To put this in perspective, according to Shaw's own report (link) their first quarter results for 2010 were $1.08 billion dollars, 19% higher than the profit they made in the same quarter the year before.

Yet, despite increasing their profits (which the corporate tax rate very much likely helped with), Shaw has turned to laying off employees in favour of their bottom line.

That's strike one against the idea that corporate tax cuts generate jobs for the multi-million dollar companies that receive them.
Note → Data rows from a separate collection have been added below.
(* Let $C_{BZ}\subset V_{BZ}$ be the cone of BZ labellings with all nine coordinates nonnegative. Then $C_{BZ}$ has exactly eight extreme rays, spanned by the eight fundamental BZ triangles $\hat C_1,\hat C_2,\hat C_3,\hat D_1,\hat D_3,\hat D_5,\hat P,\hat Q$; these eight vectors generate the lattice $\Lambda_{BZ}$ as an abelian group, and the only linear relation among them (up to scaling) is $\hat D_1+\hat D_3+\hat D_5=\hat P+\hat Q$. The group $G_{BZ}$ of all group automorphisms of $\Lambda_{BZ}$ mapping the set of BZ triangles onto itself has order $72$; restriction to the fundamental BZ triangles identifies $G_{BZ}$ with the group of permutations of these eight vectors that map each of $\{\hat C_1,\hat C_2,\hat C_3\}$, $\{\hat D_1,\hat D_3,\hat D_5\}$, $\{\hat P,\hat Q\}$ to itself, so $G_{BZ}\cong\mathfrak{S}_3\times\mathfrak{S}_3\times\mathfrak{S}_2$.
   Context: A BZ labelling is a vector $(y_1,y_2,y_3,z_1,\dots,z_6)\in\mathbb{R}^9$ satisfying $z_1-z_4=z_5-z_2=z_3-z_6$; these form a 7-dimensional subspace $V_{BZ}\subset\mathbb{R}^9$. Let $\Lambda_{BZ}=V_{BZ}\cap\mathbb{Z}^9$. A BZ triangle ($SU(3)$ Berenstein–Zelevinsky triangle) is an element of $\Lambda_{BZ}$ with all coordinates nonnegative. The fundamental BZ triangles are: $\hat C_i$ ($i=1,2,3$) with $y_i=1$ and all other coordinates $0$; $\hat D_1$ with $z_1=z_4=1$, others $0$; $\hat D_3$ with $z_3=z_6=1$, others $0$; $\hat D_5$ with $z_2=z_5=1$, others $0$; $\hat P$ with $z_1=z_3=z_5=1$, others $0$; $\hat Q$ with $z_2=z_4=z_6=1$, others $0$. *)

From HB Require Import structures.
From mathcomp Require Import all_boot all_order all_algebra.
From mathcomp Require Import fingroup perm morphism gproduct.
From mathcomp Require Import ring lra zify.
Set Implicit Arguments. Unset Strict Implicit. Unset Printing Implicit Defensive.
Import Order.TTheory GRing.Theory Num.Theory.
Local Open Scope ring_scope.

(* Coordinates of a vector v : 'rV[R]_9 are ordered
   (y1, y2, y3, z1, z2, z3, z4, z5, z6), i.e. column 0 = y1, ..., column 2 = y3,
   column 3 = z1, column 4 = z2, ..., column 8 = z6. *)

(* BZ labelling condition: z1 - z4 = z5 - z2 = z3 - z6. *)
Definition bzb {R : zmodType} (v : 'rV[R]_9) : bool :=
  (v ord0 (inord 3) - v ord0 (inord 6) == v ord0 (inord 7) - v ord0 (inord 4)) &&
  (v ord0 (inord 7) - v ord0 (inord 4) == v ord0 (inord 5) - v ord0 (inord 8)).

Definition nonneg {R : numDomainType} (v : 'rV[R]_9) : bool :=
  [forall j, 0 <= v ord0 j].

Definition C_BZ {R : numDomainType} (v : 'rV[R]_9) : Prop := bzb v /\ nonneg v.

Definition extreme_ray {R : numDomainType} (C : 'rV[R]_9 -> Prop) (v : 'rV[R]_9) : Prop :=
  C v /\ v != 0 /\
  forall a b, C a -> C b -> v = a + b -> exists t : R, 0 <= t /\ a = t *: v.

(* The eight fundamental BZ triangles, indexed by 'I_8 in the order
   C1, C2, C3, D1, D3, D5, P, Q. Each is given by its support. *)
Definition fund_support : seq (seq nat) :=
  [:: [:: 0%N]; [:: 1%N]; [:: 2%N];      (* C1 C2 C3 : y_i = 1 *)
      [:: 3%N; 6%N];                      (* D1 : z1 = z4 = 1 *)
      [:: 5%N; 8%N];                      (* D3 : z3 = z6 = 1 *)
      [:: 4%N; 7%N];                      (* D5 : z2 = z5 = 1 *)
      [:: 3%N; 5%N; 7%N];                 (* P  : z1 = z3 = z5 = 1 *)
      [:: 4%N; 6%N; 8%N] ].               (* Q  : z2 = z4 = z6 = 1 *)

Definition fund {R : nzRingType} (i : 'I_8) : 'rV[R]_9 :=
  \row_(j < 9) (if (nat_of_ord j \in nth [::] fund_support i) then 1 else 0).

(* coefficients of the relation D1 + D3 + D5 - P - Q = 0 *)
Definition rel_coef {R : nzRingType} (i : 'I_8) : R :=
  if (i < 3)%N then 0 else if (i < 6)%N then 1 else -1.

Definition block (i : 'I_8) : nat := if (i < 3)%N then 0 else if (i < 6)%N then 1 else 2.

Definition block_perms : {set {perm 'I_8}} :=
  [set s : {perm 'I_8} | [forall i, block (s i) == block i]].

Definition bzlab : {pred 'rV[int]_9} := fun v => bzb v.

Lemma bzlab_zmod_closed : zmod_closed bzlab.
Proof.
split; first by rewrite unfold_in /bzlab /bzb /= !mxE !subrr eqxx.
move=> u v; rewrite !unfold_in /bzlab /bzb /= !mxE.
move=> /andP[/eqP h1 /eqP h2] /andP[/eqP h3 /eqP h4].
apply/andP; split; apply/eqP.
- transitivity ((u ord0 (inord 3) - u ord0 (inord 6)) - (v ord0 (inord 3) - v ord0 (inord 6))); first by ring.
  by rewrite h1 h3; ring.
- transitivity ((u ord0 (inord 7) - u ord0 (inord 4)) - (v ord0 (inord 7) - v ord0 (inord 4))); first by ring.
  by rewrite h2 h4; ring.
Qed.
HB.instance Definition _ := GRing.isZmodClosed.Build _ bzlab bzlab_zmod_closed.

Inductive Lam : predArgType := LamSub (v : 'rV[int]_9) of v \in bzlab.
Definition lamval (x : Lam) : 'rV[int]_9 := let: LamSub v _ := x in v.
HB.instance Definition _ := [isSub of Lam for lamval].
HB.instance Definition _ := [Choice of Lam by <:].
HB.instance Definition _ := [SubChoice_isSubZmodule of Lam by <:].

Definition bz_triangle (x : Lam) : bool := nonneg (val x).

Definition in_G_BZ (f : Lam -> Lam) : Prop :=
  (forall x y, f (x + y) = f x + f y) /\
  bijective f /\
  (forall x, bz_triangle x -> bz_triangle (f x)) /\
  (forall y, bz_triangle y -> exists2 x, bz_triangle x & f x = y).

(* A nonnegative BZ labelling is a nonnegative combination of the fundamental
   triangles, using P or Q according to the sign of the common difference
   z1 - z4.  The BZ equations force a labelling supported on the support of a
   fundamental triangle to be a multiple of it, so each fundamental triangle
   spans a face of dimension one: these are the extreme rays, and, with integer
   coefficients, the fundamental triangles are the indecomposable BZ triangles
   and generate the lattice.  An automorphism preserving BZ triangles permutes
   the indecomposable ones and carries the relation D1 + D3 + D5 - P - Q = 0 to
   a relation; since the relation is unique up to scaling and its coefficients
   sum to 1, the permutation preserves the coefficients, i.e. the three blocks.
   Conversely a block permutation preserves the relation and so extends to an
   automorphism, unique because the fundamental triangles generate. *)

From HB Require Import structures.
From mathcomp Require Import all_boot all_order all_algebra.
From mathcomp Require Import fingroup perm morphism gproduct.
From mathcomp Require Import ring lra zify.
Set Implicit Arguments. Unset Strict Implicit. Unset Printing Implicit Defensive.
Import Order.TTheory GRing.Theory Num.Theory.
Local Open Scope ring_scope.

Notation o9 k := (@Ordinal 9 k isT).
Notation o8 k := (@Ordinal 8 k isT).

Definition vec9 {R : zmodType} (a0 a1 a2 a3 a4 a5 a6 a7 a8 : R) : 'rV[R]_9 :=
  \row_(j < 9) nth 0 [:: a0; a1; a2; a3; a4; a5; a6; a7; a8] j.

Lemma vec9_ind (R : zmodType) (P : 'rV[R]_9 -> Prop) :
  (forall a0 a1 a2 a3 a4 a5 a6 a7 a8, P (vec9 a0 a1 a2 a3 a4 a5 a6 a7 a8)) -> forall v, P v.
Proof.
move=> H v; suff -> : v = vec9 (v ord0 (o9 0)) (v ord0 (o9 1)) (v ord0 (o9 2))
  (v ord0 (o9 3)) (v ord0 (o9 4)) (v ord0 (o9 5)) (v ord0 (o9 6)) (v ord0 (o9 7))
  (v ord0 (o9 8)) by [].
apply/rowP => j; rewrite mxE (ord1 ord0).
by case: j => [[|[|[|[|[|[|[|[|[|//]]]]]]]]] p] /=; congr (v _ _); apply: val_inj.
Qed.

Lemma I8_ind (P : 'I_8 -> Prop) : P (o8 0) -> P (o8 1) -> P (o8 2) -> P (o8 3) ->
  P (o8 4) -> P (o8 5) -> P (o8 6) -> P (o8 7) -> forall i, P i.
Proof.
move=> h0 h1 h2 h3 h4 h5 h6 h7 [[|[|[|[|[|[|[|[|//]]]]]]]] p];
  by rewrite (bool_irrelevance p isT).
Qed.

Lemma vec9P (R : zmodType) (a0 a1 a2 a3 a4 a5 a6 a7 a8 b0 b1 b2 b3 b4 b5 b6 b7 b8 : R) :
  vec9 a0 a1 a2 a3 a4 a5 a6 a7 a8 = vec9 b0 b1 b2 b3 b4 b5 b6 b7 b8 <->
  [/\ a0 = b0, a1 = b1, a2 = b2, a3 = b3 & [/\ a4 = b4, a5 = b5, a6 = b6, a7 = b7 & a8 = b8]].
Proof.
split; last by case=> -> -> -> -> [-> -> -> -> ->].
move=> E; have F k : (k < 9)%N -> nth 0 [:: a0; a1; a2; a3; a4; a5; a6; a7; a8] k =
                                  nth 0 [:: b0; b1; b2; b3; b4; b5; b6; b7; b8] k.
  by move=> lt_k9; have := congr1 (fun v : 'rV[R]_9 => v ord0 (Ordinal lt_k9)) E; rewrite !mxE.
by split; [exact: (F 0%N)|exact: (F 1%N)|exact: (F 2%N)|exact: (F 3%N)|
  split; [exact: (F 4%N)|exact: (F 5%N)|exact: (F 6%N)|exact: (F 7%N)|exact: (F 8%N)]].
Qed.

Lemma vec9D (R : zmodType) (a0 a1 a2 a3 a4 a5 a6 a7 a8 b0 b1 b2 b3 b4 b5 b6 b7 b8 : R) :
  vec9 a0 a1 a2 a3 a4 a5 a6 a7 a8 + vec9 b0 b1 b2 b3 b4 b5 b6 b7 b8 =
  vec9 (a0 + b0) (a1 + b1) (a2 + b2) (a3 + b3) (a4 + b4) (a5 + b5) (a6 + b6) (a7 + b7) (a8 + b8).
Proof. by apply/rowP => j; rewrite !mxE; case: j => [[|[|[|[|[|[|[|[|[|//]]]]]]]]] p]. Qed.

Lemma vec9Z (R : nzRingType) (t a0 a1 a2 a3 a4 a5 a6 a7 a8 : R) :
  t *: vec9 a0 a1 a2 a3 a4 a5 a6 a7 a8 =
  vec9 (t * a0) (t * a1) (t * a2) (t * a3) (t * a4) (t * a5) (t * a6) (t * a7) (t * a8).
Proof. by apply/rowP => j; rewrite !mxE; case: j => [[|[|[|[|[|[|[|[|[|//]]]]]]]]] p]. Qed.

Lemma vec90 (R : zmodType) : 0 = vec9 0 0 0 0 0 0 0 0 0 :> 'rV[R]_9.
Proof. by apply/rowP => j; rewrite !mxE; case: j => [[|[|[|[|[|[|[|[|[|//]]]]]]]]] p]. Qed.

Lemma bzb_vec9 (R : zmodType) (a0 a1 a2 a3 a4 a5 a6 a7 a8 : R) :
  bzb (vec9 a0 a1 a2 a3 a4 a5 a6 a7 a8) = (a3 - a6 == a7 - a4) && (a7 - a4 == a5 - a8).
Proof. by rewrite /bzb !mxE !inordK. Qed.

Lemma nonneg_vec9 (R : numDomainType) (a0 a1 a2 a3 a4 a5 a6 a7 a8 : R) :
  nonneg (vec9 a0 a1 a2 a3 a4 a5 a6 a7 a8) <->
  [/\ 0 <= a0, 0 <= a1, 0 <= a2, 0 <= a3 & [/\ 0 <= a4, 0 <= a5, 0 <= a6, 0 <= a7 & 0 <= a8]].
Proof.
split; last first.
  case=> h0 h1 h2 h3 [h4 h5 h6 h7 h8]; apply/forallP => j; rewrite mxE.
  by case: j => [[|[|[|[|[|[|[|[|[|//]]]]]]]]] p].
move/forallP => H; have F k : (k < 9)%N -> 0 <= nth 0 [:: a0; a1; a2; a3; a4; a5; a6; a7; a8] k.
  by move=> lt_k9; have := H (Ordinal lt_k9); rewrite mxE.
by split; [exact: (F 0%N)|exact: (F 1%N)|exact: (F 2%N)|exact: (F 3%N)|
  split; [exact: (F 4%N)|exact: (F 5%N)|exact: (F 6%N)|exact: (F 7%N)|exact: (F 8%N)]].
Qed.

Lemma fundE (R : nzRingType) (i : 'I_8) : fund i = nth 0
  [:: vec9 1 0 0 0 0 0 0 0 0; vec9 0 1 0 0 0 0 0 0 0; vec9 0 0 1 0 0 0 0 0 0;
      vec9 0 0 0 1 0 0 1 0 0; vec9 0 0 0 0 0 1 0 0 1; vec9 0 0 0 0 1 0 0 1 0;
      vec9 0 0 0 1 0 1 0 1 0; vec9 0 0 0 0 1 0 1 0 1] i :> 'rV[R]_9.
Proof.
by elim/I8_ind: i; apply/rowP => j; rewrite !mxE;
  case: j => [[|[|[|[|[|[|[|[|[|//]]]]]]]]] p].
Qed.

Lemma sum_fundE (R : comNzRingType) (e : 'I_8 -> R) :
  \sum_(k < 8) e k *: fund k = vec9 (e (o8 0)) (e (o8 1)) (e (o8 2))
    (e (o8 3) + e (o8 6)) (e (o8 5) + e (o8 7)) (e (o8 4) + e (o8 6))
    (e (o8 3) + e (o8 7)) (e (o8 5) + e (o8 6)) (e (o8 4) + e (o8 7)).
Proof.
rewrite !big_ord_recl big_ord0 addr0.
rewrite (_ : lift ord0 ord0 = o8 1); last exact: val_inj.
rewrite (_ : lift ord0 (lift ord0 ord0) = o8 2); last exact: val_inj.
rewrite (_ : lift ord0 (lift ord0 (lift ord0 ord0)) = o8 3); last exact: val_inj.
rewrite (_ : lift ord0 (lift ord0 (lift ord0 (lift ord0 ord0))) = o8 4); last exact: val_inj.
rewrite (_ : lift ord0 (lift ord0 (lift ord0 (lift ord0 (lift ord0 ord0)))) = o8 5);
  last exact: val_inj.
rewrite (_ : lift ord0 (lift ord0 (lift ord0 (lift ord0 (lift ord0 (lift ord0 ord0))))) = o8 6);
  last exact: val_inj.
rewrite (_ : lift ord0 (lift ord0 (lift ord0 (lift ord0 (lift ord0 (lift ord0
  (lift ord0 ord0)))))) = o8 7); last exact: val_inj.
rewrite (_ : ord0 = o8 0); last exact: val_inj.
rewrite !fundE /= !vec9Z !vec9D.
by apply/vec9P; split; [ | | | | split]; ring.
Qed.

Lemma bzbD (R : zmodType) (u v : 'rV[R]_9) : bzb u -> bzb v -> bzb (u + v).
Proof.
elim/vec9_ind: u => a0 a1 a2 a3 a4 a5 a6 a7 a8; elim/vec9_ind: v => b0 b1 b2 b3 b4 b5 b6 b7 b8.
rewrite vec9D !bzb_vec9 => /andP[/eqP h1 /eqP h2] /andP[/eqP h3 /eqP h4].
apply/andP; split; apply/eqP.
  by rewrite opprD addrACA h3 h1 -addrACA -opprD.
by rewrite opprD addrACA h4 h2 -addrACA -opprD.
Qed.

Lemma bzbZ (R : comNzRingType) (c : R) (v : 'rV[R]_9) : bzb v -> bzb (c *: v).
Proof.
elim/vec9_ind: v => b0 b1 b2 b3 b4 b5 b6 b7 b8.
rewrite vec9Z !bzb_vec9 -!mulrBr => /andP[/eqP -> /eqP ->].
by rewrite !eqxx.
Qed.

Lemma bzb_fund (R : nzRingType) i : bzb (fund i : 'rV[R]_9).
Proof.
by elim/I8_ind: i; rewrite !fundE /= bzb_vec9 ?subrr ?subr0 ?eqxx.
Qed.

Lemma bzb_comb_fund (R : comNzRingType) (e : 'I_8 -> R) (s : 'I_8 -> 'I_8) :
  bzb (\sum_k e k *: fund (s k)).
Proof.
apply: (big_ind (fun v : 'rV[R]_9 => bzb v)); [|exact: bzbD|].
  by rewrite (vec90 R) bzb_vec9 subrr eqxx.
by move=> k _; exact/bzbZ/bzb_fund.
Qed.

Lemma nonneg_comb_fund (R : numDomainType) (e : 'I_8 -> R) (s : 'I_8 -> 'I_8) :
  (forall k, 0 <= e k) -> nonneg (\sum_k e k *: fund (s k)).
Proof.
move=> e_ge0; apply/forallP => j; rewrite summxE; apply: sumr_ge0 => k _.
by rewrite !mxE mulr_ge0 //; case: ifP.
Qed.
Effectively, corporate tax cuts do not generate jobs for Canadians. If the recession taught us anything, it's that those who received the most did the least to improve the lives of Canadians. Harper has touted how his government has replaced the jobs lost during the recession; what he doesn't tout is how many of the jobs lost were full time career positions that required specialized training and provided employees with benefits (health coverage, prescription coverage, pension plan, etc.). And that the jobs that took their place were part-time positions in the service industry that offer no benefits to their employees and do not match the level of pay of their former positions.

Furthermore, Statistics Canada has often come out with numbers that challenge the Harper record on job creation. Canadians need to acknowledge this: corporate tax cuts for large businesses do not generate jobs.

That's why, in my opinion, the NDP is dead on with their proposal to extend tax cuts to SMALL businesses, the corporations that actually generate GOOD jobs for average Canadians.

Effectively, Canadians need to wake up to the Stephen Harper message:

Conservatives will not do anything for Canadians, until the books are balanced; but the books won't balance when giant corporations receive tax breaks they don't need for jobs they don't create.

We need a government that is here for the Canadian people; not a government that is here for large, and often non-Canadian, corporations.